"""

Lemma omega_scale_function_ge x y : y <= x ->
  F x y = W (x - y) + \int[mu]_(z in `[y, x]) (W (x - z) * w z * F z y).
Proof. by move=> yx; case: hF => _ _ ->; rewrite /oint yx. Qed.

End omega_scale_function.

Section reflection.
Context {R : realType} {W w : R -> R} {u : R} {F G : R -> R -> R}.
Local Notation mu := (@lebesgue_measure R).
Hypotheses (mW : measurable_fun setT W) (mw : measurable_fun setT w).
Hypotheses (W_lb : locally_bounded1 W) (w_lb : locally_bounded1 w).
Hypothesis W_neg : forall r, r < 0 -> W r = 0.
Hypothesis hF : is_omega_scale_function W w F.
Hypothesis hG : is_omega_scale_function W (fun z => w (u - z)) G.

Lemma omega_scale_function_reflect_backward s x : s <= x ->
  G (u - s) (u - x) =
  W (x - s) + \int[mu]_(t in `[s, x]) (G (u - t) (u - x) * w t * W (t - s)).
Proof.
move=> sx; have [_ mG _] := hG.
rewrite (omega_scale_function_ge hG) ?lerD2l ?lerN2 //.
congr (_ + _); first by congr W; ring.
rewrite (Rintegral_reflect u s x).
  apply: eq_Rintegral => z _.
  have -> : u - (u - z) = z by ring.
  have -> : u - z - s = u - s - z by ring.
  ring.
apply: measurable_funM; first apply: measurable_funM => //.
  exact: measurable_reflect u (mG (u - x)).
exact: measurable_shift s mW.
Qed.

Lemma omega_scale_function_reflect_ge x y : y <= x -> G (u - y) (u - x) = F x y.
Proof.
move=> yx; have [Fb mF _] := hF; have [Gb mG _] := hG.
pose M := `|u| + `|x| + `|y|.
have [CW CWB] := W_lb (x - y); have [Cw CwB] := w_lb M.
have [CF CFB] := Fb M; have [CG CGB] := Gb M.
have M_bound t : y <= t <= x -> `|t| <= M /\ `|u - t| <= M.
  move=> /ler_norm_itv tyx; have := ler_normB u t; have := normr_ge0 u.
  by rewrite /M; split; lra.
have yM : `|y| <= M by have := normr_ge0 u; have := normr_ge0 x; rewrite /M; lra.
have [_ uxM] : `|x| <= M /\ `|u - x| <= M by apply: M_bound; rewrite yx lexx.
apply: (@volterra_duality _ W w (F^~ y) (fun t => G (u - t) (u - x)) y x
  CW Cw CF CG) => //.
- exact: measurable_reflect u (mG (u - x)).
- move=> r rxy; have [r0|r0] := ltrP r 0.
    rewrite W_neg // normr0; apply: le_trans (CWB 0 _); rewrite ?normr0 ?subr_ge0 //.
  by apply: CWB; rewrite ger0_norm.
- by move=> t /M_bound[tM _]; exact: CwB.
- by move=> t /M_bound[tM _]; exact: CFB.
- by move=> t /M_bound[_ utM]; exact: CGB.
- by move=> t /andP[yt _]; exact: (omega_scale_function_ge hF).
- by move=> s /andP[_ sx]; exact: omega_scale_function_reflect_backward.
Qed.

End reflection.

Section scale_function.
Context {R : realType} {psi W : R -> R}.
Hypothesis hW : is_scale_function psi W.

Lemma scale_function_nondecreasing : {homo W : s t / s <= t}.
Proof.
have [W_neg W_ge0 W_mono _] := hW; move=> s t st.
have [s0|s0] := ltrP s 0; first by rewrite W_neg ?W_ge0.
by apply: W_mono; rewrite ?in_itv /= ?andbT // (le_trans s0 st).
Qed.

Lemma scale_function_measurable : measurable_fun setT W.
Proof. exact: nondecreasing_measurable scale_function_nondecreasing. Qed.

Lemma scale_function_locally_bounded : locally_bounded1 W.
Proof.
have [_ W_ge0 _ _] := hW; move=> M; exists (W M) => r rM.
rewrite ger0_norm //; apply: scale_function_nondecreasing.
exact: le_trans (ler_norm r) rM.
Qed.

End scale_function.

"""

> _Exercise brief_
Make an exact copy of the records.

> _Answer to the exercise_
Lemma omega_scale_function_ge x y : y <= x ->
  F x y = W (x - y) + \int[mu]_(z in `[y, x]) (W (x - z) * w z * F z y).
Proof. by move=> yx; case: hF => _ _ ->; rewrite /oint yx. Qed.

End omega_scale_function.

Section reflection.
Context {R : realType} {W w : R -> R} {u : R} {F G : R -> R -> R}.
Local Notation mu := (@lebesgue_measure R).
Hypotheses (mW : measurable_fun setT W) (mw : measurable_fun setT w).
Hypotheses (W_lb : locally_bounded1 W) (w_lb : locally_bounded1 w).
Hypothesis W_neg : forall r, r < 0 -> W r = 0.
Hypothesis hF : is_omega_scale_function W w F.
Hypothesis hG : is_omega_scale_function W (fun z => w (u - z)) G.

Lemma omega_scale_function_reflect_backward s x : s <= x ->
  G (u - s) (u - x) =
  W (x - s) + \int[mu]_(t in `[s, x]) (G (u - t) (u - x) * w t * W (t - s)).
Proof.
move=> sx; have [_ mG _] := hG.
rewrite (omega_scale_function_ge hG) ?lerD2l ?lerN2 //.
congr (_ + _); first by congr W; ring.
rewrite (Rintegral_reflect u s x).
  apply: eq_Rintegral => z _.
  have -> : u - (u - z) = z by ring.
  have -> : u - z - s = u - s - z by ring.
  ring.
apply: measurable_funM; first apply: measurable_funM => //.
  exact: measurable_reflect u (mG (u - x)).
exact: measurable_shift s mW.
Qed.

Lemma omega_scale_function_reflect_ge x y : y <= x -> G (u - y) (u - x) = F x y.
Proof.
move=> yx; have [Fb mF _] := hF; have [Gb mG _] := hG.
pose M := `|u| + `|x| + `|y|.
have [CW CWB] := W_lb (x - y); have [Cw CwB] := w_lb M.
have [CF CFB] := Fb M; have [CG CGB] := Gb M.
have M_bound t : y <= t <= x -> `|t| <= M /\ `|u - t| <= M.
  move=> /ler_norm_itv tyx; have := ler_normB u t; have := normr_ge0 u.
  by rewrite /M; split; lra.
have yM : `|y| <= M by have := normr_ge0 u; have := normr_ge0 x; rewrite /M; lra.
have [_ uxM] : `|x| <= M /\ `|u - x| <= M by apply: M_bound; rewrite yx lexx.
apply: (@volterra_duality _ W w (F^~ y) (fun t => G (u - t) (u - x)) y x
  CW Cw CF CG) => //.
- exact: measurable_reflect u (mG (u - x)).
- move=> r rxy; have [r0|r0] := ltrP r 0.
    rewrite W_neg // normr0; apply: le_trans (CWB 0 _); rewrite ?normr0 ?subr_ge0 //.
  by apply: CWB; rewrite ger0_norm.
- by move=> t /M_bound[tM _]; exact: CwB.
- by move=> t /M_bound[tM _]; exact: CFB.
- by move=> t /M_bound[_ utM]; exact: CGB.
- by move=> t /andP[yt _]; exact: (omega_scale_function_ge hF).
- by move=> s /andP[_ sx]; exact: omega_scale_function_reflect_backward.
Qed.

End reflection.

Section scale_function.
Context {R : realType} {psi W : R -> R}.
Hypothesis hW : is_scale_function psi W.

Lemma scale_function_nondecreasing : {homo W : s t / s <= t}.
Proof.
have [W_neg W_ge0 W_mono _] := hW; move=> s t st.
have [s0|s0] := ltrP s 0; first by rewrite W_neg ?W_ge0.
by apply: W_mono; rewrite ?in_itv /= ?andbT // (le_trans s0 st).
Qed.

Lemma scale_function_measurable : measurable_fun setT W.
Proof. exact: nondecreasing_measurable scale_function_nondecreasing. Qed.

Lemma scale_function_locally_bounded : locally_bounded1 W.
Proof.
have [_ W_ge0 _ _] := hW; move=> M; exists (W M) => r rM.
rewrite ger0_norm //; apply: scale_function_nondecreasing.
exact: le_trans (ler_norm r) rM.
Qed.

End scale_function.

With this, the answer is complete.